Deine Gefühle also werden ausgelöst von Prägungen, alten, in deiner Persönlichkeit verwurzelten Erlebnissen, die durch beständige Wiederholung stark in ihrer Aktivität werden. Die Aufmerksamkeit auf die Emotionen ist wie Brandbeschleuniger für diese Prägungen. Unsere Psyche hat die Fähigkeit der Kontemplation. Wenn man diese Fähigkeit genau untersuchen würde, könnte man auch ihre Gegenseite entdecken, das sich ständige beschleunigende „Rumhirnen“: Kreiselförmiges Denken, das mit zunehmender Geschwindigkeit immer emotionaler wird. Als würdest du dir ständig die Fallgruben selbst bauen, in die du dann hineinfällst. Das ist einfach eine schreckliche Situation.

„Aber ich mag meine Emotionen“, magst du frustriert rufen. Gut, aber du musst dich deshalb doch nicht von deinen Emotionen versklaven lassen! Gib mit deinem „Mögen“ doch nicht deine ganze herrliche, großartige Freiheit auf, die dein Naturell ist, wenn man den Yogatexten Glauben schenkt. Wie ein Kaninchen vor der Schlange stehen Menschen voller Ehrfurcht und Schrecken vor ihren eigenen, aus ihren Prägungen entstanden Gefühlen! Wie kann das nur sein?

Wenn du glaubst, deine Gefühle machen dich erst zu dem Menschen, der du bist, dann ist das die Autobahn in die Stadt des Leids, der Ohnmacht, des selbst gebauten Gefängnisses. Wenn du weißt, dass du Gefühle hast aber nicht bist, dann wirst du sicherlich die Luft der Freiheit atmen können, erahnen können. Manche sagen mir dann: „Ist das dann Erleuchtung?“ Ehrlich gesagt, wen juckt das? Wie will jemand über Erleuchtung reden, der/die nicht einmal die Tyrannei der eigenen Gefühls- und Gedankenwelt abschütteln kann?

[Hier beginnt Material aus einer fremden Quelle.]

Lemma agree6_of_taylor g q1 q2 q3 C :
  (forall w, 0 < w < 1/2 -> Rabs (g w - w * peval (peven q1 q2 q3) w) <= C * w ^ 9) ->
  agree6 (fun w => g w / w) (peval (peven q1 q2 q3)).
Proof.
  intros Hb eps He. set (q := peval (peven q1 q2 q3)) in *.
  assert (HC : 0 <= C).
  { pose proof (Hb (1/4) ltac:(lra)). pose proof (pow_lt (1/4) 9 ltac:(lra)).
    pose proof (Rabs_pos (g (1/4) - 1/4 * q (1/4))). destruct (Rle_dec 0 C); [auto|nra]. }
  generalize (near0_and _ _ (near0_lt (1/2) ltac:(lra))
                (near0_lt (eps / (C + 1)) ltac:(apply Rdiv_lt_0_compat; lra))).
  apply near0_mono. intros w Hw [Hw1 Hw2]. specialize (Hb w ltac:(lra)).
  replace (g w / w - q w) with ((g w - w * q w) / w) by (field; lra).
  unfold Rdiv. rewrite Rabs_mult, (Rabs_pos_eq (/ w)) by (left; apply Rinv_0_lt_compat; lra).
  apply Rle_trans with (C * w ^ 9 * / w);
    [apply Rmult_le_compat_r; [left; apply Rinv_0_lt_compat; lra|exact Hb]|].
  replace (C * w ^ 9 * / w) with (C * (w * w) * w ^ 6) by (simpl; field; lra).
  pose proof (pow_le w 6 ltac:(lra)). apply Rmult_le_compat_r; auto.
  apply Rle_trans with (C * w); [apply Rmult_le_compat_l; nra|].
  apply Rle_trans with ((C + 1) * (eps / (C + 1))); [|right; field; lra].
  apply Rle_trans with ((C + 1) * w); [nra|]. apply Rmult_le_compat_l; lra.
Qed.

(** The expansion of the profile w / g(w) is obtained by inverting the series
    q of g(w)/w: T = 1/q up to degree 6. *)
Lemma seiffert_expansion g q1 q2 q3 T1 T2 T3 C :
  (forall w, g (- w) = - g w) -> (forall w, -1 < w < 1 -> w <> 0 -> g w <> 0) ->
  (forall w, 0 < w < 1/2 -> Rabs (g w - w * peval (peven q1 q2 q3) w) <= C * w ^ 9) ->
  coeq6 (pmul (peven q1 q2 q3) (peven T1 T2 T3)) [1] ->
  even_expansion (profile (seiffert_type g)) T1 T2 T3.
Proof.
  intros Hodd Hg Hb Hc. apply even_expansion_of_agree6.
  - apply seiffert_profile_even; auto.
  - apply seiffert_profile_0.
  - refine (agree6_congr _ _ _ _
      (agree6_div _ _ _ _ _ (agree6_const 1) (agree6_of_taylor g q1 q2 q3 C Hb) ltac:(cbn; lra) Hc)).
    exists 1; split; [lra|]. intros z Hz. pose proof (Hg z ltac:(lra) ltac:(lra)).
    rewrite seiffert_profile by lra. field; lra.
Qed.
(* Let $m\geq 2$ and $n\geq 2$ be integers, let $T_m$ be a tree of order $m$ and $K_n$ the complete graph of order $n$. Then $$\max\{rvc(T_m),\,n+2\}\leq rvcl(T_m\diamond K_n)\leq 2m+n-2.$$
   Context: All graphs are finite, simple, connected and undirected; $d$ denotes graph distance. A rainbow vertex $k$-coloring of $G$ is a map $c:V(G)\to\{1,\dots,k\}$ such that every two vertices are joined by a path whose internal vertices all receive distinct colors; $rvc(G)$ is the least $k$ for which $G$ has one. For such $c$ let $R_i=c^{-1}(i)$; the rainbow code of $v$ is $(d(v,R_1),\dots,d(v,R_k))$ with $d(v,R_i)=\min_{x\in R_i}d(v,x)$. A locating rainbow $k$-coloring is a rainbow vertex $k$-coloring in which distinct vertices have distinct rainbow codes; $rvcl(G)$ is the least $k$ for which one exists. For graphs $G_m$ (order $m$) and $H_n$ (order $n$) on disjoint vertex sets, the edge corona $G_m\diamond H_n$ is obtained from one copy of $G_m$ and $|E(G_m)|$ vertex-disjoint copies of $H_n$, one per edge of $G_m$, by joining both end vertices of the $j$-th edge of $G_m$ to every vertex of the $j$-th copy of $H_n$. *)

From mathcomp Require Import all_boot.
Set Implicit Arguments. Unset Strict Implicit. Unset Printing Implicit Defensive.

Section Graphs.
Variable V : finType.

Definition simple_graph (e : rel V) : Prop := symmetric e /\ irreflexive e.

Definition connected (e : rel V) : Prop := forall u v : V, connect e u v.

Definition acyclic (e : rel V) : Prop :=
  forall c : seq V, uniq c -> 2 < size c -> ~~ cycle e c.

Definition is_tree (e : rel V) : Prop := connected e /\ acyclic e.

Definition walk_len (e : rel V) (k : nat) (u v : V) : bool :=
  [exists t : k.-tuple V, path e u t && (last u t == v)].

(* graph distance d(u,v): least length of a u-v walk (for connected graphs a
   shortest walk has length < #|V|; default #|V| is never attained then) *)
Definition dist (e : rel V) (u v : V) : nat :=
  \big[minn/#|V|]_(k < #|V| | walk_len e k u v) k.

(* d(v,A) = min_{x in A} d(v,x)  (constant #|V| if A is empty) *)
Definition setdist (e : rel V) (v : V) (A : {set V}) : nat :=
  \big[minn/#|V|]_(x in A) dist e v x.

(* p (the vertices after u) is a u-v path whose internal vertices have
   pairwise distinct colours under c *)
Definition rainbow_path (k : nat) (e : rel V) (c : V -> 'I_k) (u v : V) (p : seq V) : bool :=
  [&& path e u p, last u p == v, uniq (u :: p) & uniq (map c (behead (belast u p)))].

(* rainbow vertex colouring: every two vertices joined by a rainbow path
   (a path has < #|V| edges, so the bounded search is exhaustive) *)
Definition rainbow_coloring (k : nat) (e : rel V) (c : V -> 'I_k) : bool :=
  [forall u, forall v, [exists l : 'I_#|V|, [exists t : l.-tuple V, rainbow_path e c u v t]]].

Definition color_class (k : nat) (c : V -> 'I_k) (i : 'I_k) : {set V} :=
  [set x | c x == i].

Definition locating (k : nat) (e : rel V) (c : V -> 'I_k) : bool :=
  [forall u, forall v, (u != v) ==>
     [exists i, setdist e u (color_class c i) != setdist e v (color_class c i)]].

Definition has_rvc (e : rel V) (k : nat) : bool :=
  [exists c : {ffun V -> 'I_k}, rainbow_coloring e c].

Definition has_rvcl (e : rel V) (k : nat) : bool :=
  [exists c : {ffun V -> 'I_k}, rainbow_coloring e c && locating e c].

(* least k (searched in 0..#|V|, which suffices for connected graphs since an
   injective colouring works) *)
Definition rvc (e : rel V) : nat := find (has_rvc e) (iota 0 #|V|.+1).
Definition rvcl (e : rel V) : nat := find (has_rvcl e) (iota 0 #|V|.+1).

End Graphs.

Definition complete_rel (n : nat) : rel 'I_n := fun i j => i != j.
Arguments complete_rel n : clear implicits.

Definition is_edge (V : finType) (e : rel V) (A : {set V}) : bool :=
  [exists x, [exists y, e x y && (A == [set x; y])]].

Definition edge_type (V : finType) (e : rel V) := {A : {set V} | is_edge e A}.

(* edge corona G <> H : copy of G plus one copy of H per edge of G, both
   end vertices of the edge joined to all vertices of its copy *)
Definition corona_rel (V W : finType) (e : rel V) (f : rel W) :
  rel (V + (edge_type e * W))%type :=
  fun a b => match a, b with
  | inl x, inl y => e x y
  | inr (A, w), inr (B, w') => (A == B) && f w w'
  | inl x, inr (A, _) => x \in val A
  | inr (A, _), inl x => x \in val A
  end.
Arguments corona_rel {V W} e f.

From mathcomp Require Import all_boot fingroup perm zify.
Set Implicit Arguments. Unset Strict Implicit. Unset Printing Implicit Defensive.

(* Upper bound: give the tree vertices pairwise distinct colours and the vertex of position w
   in every copy of K_n one more colour depending only on w, m + n <= 2m + n - 2 colours in all.
   Any two vertices are joined by a walk whose inner vertices lie in the tree, and shortening it
   gives a rainbow path.  Two vertices with the same colour lie in the copies of two different
   edges, and a tree vertex on the first edge but not on the second is at distance 1 from the
   first vertex and at distance at least 2 from the second.
   Lower bounds: dropping the copy vertices from a rainbow path between tree vertices leaves a
   rainbow path of the tree, so rvc(T) <= rvcl.  For a leaf x with neighbour y, the vertex x
   and the copy of K_n on the edge xy are n + 1 pairwise twins, which a locating colouring must
   colour differently.  With only n + 1 colours, y and the clique vertex of the colour of y
   would both see every colour within distance 1, so both their codes would be the indicator
   of the complement of that colour. *)

Lemma bigminn_le_seq (I : eqType) (r : seq I) (P : pred I) (F : I -> nat) d i :
  i \in r -> P i -> \big[minn/d]_(j <- r | P j) F j <= F i.
Proof.
elim: r => [|x r IH] //=; rewrite in_cons big_cons.
case/orP=> [/eqP<- -> | ir Pi]; first by rewrite geq_minl.
by case: (P x); rewrite ?geq_min IH ?orbT.
Qed.

Lemma leq_bigminn (I : Type) (r : seq I) (P : pred I) (F : I -> nat) d k :
  k <= d -> (forall i, P i -> k <= F i) -> k <= \big[minn/d]_(j <- r | P j) F j.
Proof.
move=> kd kF; apply: (big_ind (fun x => k <= x)) => // x y kx ky.
by rewrite leq_min kx ky.
Qed.

Section Distance.
Variables (V : finType) (r : rel V).

Lemma walk_len0 u v : walk_len r 0 u v = (u == v).
Proof.
apply/existsP/idP => [[t]|/eqP->]; first by rewrite tuple0.
by exists [tuple]; rewrite /= eqxx.
Qed.

Lemma walk_len1 u v : walk_len r 1 u v = r u v.
Proof.
apply/existsP/idP => [[t]|ruv]; last by exists [tuple v]; rewrite /= ruv eqxx.
by case: t => [[|x [|? ?]] //= _]; rewrite andbT => /andP[? /eqP<-].
Qed.

Lemma walk_len_perm (s : {perm V}) k u v :
  {mono s : a b / r a b} -> walk_len r k (s u) (s v) = walk_len r k u v.
Proof.
have walk_homo (f : V -> V) x y : {homo f : a b / r a b} ->
    walk_len r k x y -> walk_len r k (f x) (f y).
  move=> fr /existsP[t /andP[pt /eqP <-]]; apply/existsP; exists (map_tuple f t).
  by rewrite /= (homo_path fr pt) last_map eqxx.
move=> sr; apply/idP/idP => [w|]; last by apply: walk_homo => a b; rewrite sr.
rewrite -(permK s u) -(permK s v); apply: walk_homo w => a b rab.
by rewrite -sr !permKV.
Qed.

Lemma dist_le u v k : k < #|V| -> walk_len r k u v -> dist r u v <= k.
Proof.
move=> kV w.
exact: (@bigminn_le_seq _ _ _ (fun j : 'I_#|V| => nat_of_ord j) _ (Ordinal kV)
  (mem_index_enum _) w).
Qed.

Lemma dist_ge u v j :
  j <= #|V| -> (forall k, walk_len r k u v -> j <= k) -> j <= dist r u v.
Proof. by move=> jV jk; apply: leq_bigminn => // i; apply: jk. Qed.

Lemma distxx u : dist r u u = 0.
Proof.
apply/eqP; rewrite -leqn0 dist_le ?walk_len0 //.
by apply/card_gt0P; exists u.
Qed.

Lemma dist_gt0 u v : u != v -> 0 < dist r u v.
Proof.
move=> uv; apply: dist_ge => [|[|k] //]; last by rewrite walk_len0 (negbTE uv).
by apply/card_gt0P; exists u.
Qed.

Lemma dist_le1 u v : u != v -> r u v -> dist r u v <= 1.
Proof.
by move=> uv ruv; apply: dist_le; rewrite ?walk_len1 //; apply/card_gt1P; exists u, v.
Qed.

Lemma dist_gt1 u v : u != v -> ~~ r u v -> 1 < dist r u v.
Proof.
move=> uv nruv; apply: dist_ge => [|[|[|k]] //]; first by apply/card_gt1P; exists u, v.
  by rewrite walk_len0 (negbTE uv).
by rewrite walk_len1 (negbTE nruv).
Qed.

Lemma dist_perm (s : {perm V}) u v :
  {mono s : a b / r a b} -> dist r (s u) (s v) = dist r u v.
Proof. by move=> sr; apply: eq_bigl => k; rewrite walk_len_perm. Qed.

Lemma setdist_le v (A : {set V}) x : x \in A -> setdist r v A <= dist r v x.
Proof. by move=> xA; apply: bigminn_le_seq; rewrite ?mem_index_enum. Qed.

Lemma setdist_ge v (A : {set V}) j :
  j <= #|V| -> (forall x, x \in A -> j <= dist r v x) -> j <= setdist r v A.
Proof. exact: leq_bigminn. Qed.

Lemma setdist_eq0 v (A : {set V}) : (setdist r v A == 0) = (v \in A).
Proof.
apply/idP/idP => [|vA]; last by rewrite -leqn0 -(distxx v) setdist_le.
apply: contraLR => vA; rewrite -lt0n; apply: setdist_ge => [|x xA].
  by apply/card_gt0P; exists v.
by apply: dist_gt0; apply: contraNneq vA => ->.
Qed.

Lemma setdist_le1 v (A : {set V}) x : x \in A -> v != x -> r v x -> setdist r v A <= 1.
Proof. by move=> xA vx rvx; apply: leq_trans (setdist_le v xA) (dist_le1 vx rvx). Qed.

Lemma setdist_gt1 v (A : {set V}) x0 :
  x0 \in A -> (forall x, x \in A -> (v != x) && ~~ r v x) -> 1 < setdist r v A.
Proof.
move=> x0A far; apply: setdist_ge => [|x /far/andP[vx nrvx]]; last exact: dist_gt1.
by have /andP[vx0 _] := far x0 x0A; apply/card_gt1P; exists v, x0.
Qed.

End Distance.

Section Colorings.
Variables (V : finType) (r : rel V) (k : nat) (c : V -> 'I_k).

Notation code v i := (setdist r v (color_class c i)).

Lemma mem_color_class x i : (x \in color_class c i) = (c x == i).
Proof. by rewrite inE. Qed.

Lemma locatingP :
  reflect (forall u v, u != v -> exists i, code u i != code v i) (locating r c).
Proof.
apply: (iffP forallP) => [loc u v uv | loc u].
  by have /forallP/(_ v)/implyP/(_ uv)/existsP := loc u.
by apply/forallP => v; apply/implyP => /loc/existsP.
Qed.

Lemma code_color_neq u v : c u != c v -> code u (c u) != code v (c u).
Proof.
move=> cuv; apply/eqP => codeE; have := setdist_eq0 r v (color_class c (c u)).
by rewrite -codeE setdist_eq0 !mem_color_class eqxx eq_sym (negbTE cuv).
Qed.

Definition sees_all_colors q := forall i, exists2 z, c z = i & (z == q) || r q z.

Lemma code_sees_all q i : sees_all_colors q -> code q i = (c q != i).
Proof.
move=> allq; have [<-|ci] /= := eqVneq (c q) i.
  by apply/eqP; rewrite setdist_eq0 mem_color_class.
apply/eqP; rewrite eqn_leq lt0n setdist_eq0 mem_color_class ci andbT.
have [z cz /predU1P[zq|rqz]] := allq i; first by rewrite -zq cz eqxx in ci.
apply: (setdist_le1 (x := z)) rqz; first by rewrite mem_color_class cz.
by apply: contraNneq ci => ->; rewrite cz.
Qed.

Wenn die Segel deiner Gefühle in dir zu knattern beginnen, ist es Zeit, innezuhalten. So wie der Aufnahmepegel bei Aufnahmen im roten Bereich flackert, wenn die Aufnahme übersteuert ist, so solltest du in dir auch so ein Messgerät haben, dass deine Emotionen auf einem erträglichen Pegel hält. Wenn du meditierst, mit Mantra, Entschlossenheit und ohne dabei auf deine Gemütslage zu hören, dann kannst du das lernen. So viele Menschen, die behaupten, auf dem Yogaweg zu sein, meditieren nach Gefühl wie: „ach heute hatte ich plötzlich das Gefühl, dass ich nach 10 Minuten genug hatte.“ Wenn ich dann frage, wie lange wolltest du denn meditieren, dann wird mir oft gesagt, „Ich mach das ganz nach meiner inneren Uhr, nach meinem Gefühl. Man ist ja auch nicht immer gleich drauf, das möchte ich beachten.“ Na denn, kann ich nur sagen. Viel tun wird sich für so jemanden nicht im Königreich des Egos und der Unwillkürlichkeit.

Wie es in den Yoga Sutras heißt: Sie sind gefangen im Auf und Ab der unwillkürlichen Bewegungen ihrer Psyche. Alles Liebe. Bei Fragen dazu bitte melden. 🙂 Ich schreibe übrigens meine Artikel spontan, am Stück. Wenn du Rechtschreibfehler findest, die meiner digitalen Rechtschreibprüfung durch die Lappen gingen, lass es mich wissen. Ich werde das umgehend korrigieren.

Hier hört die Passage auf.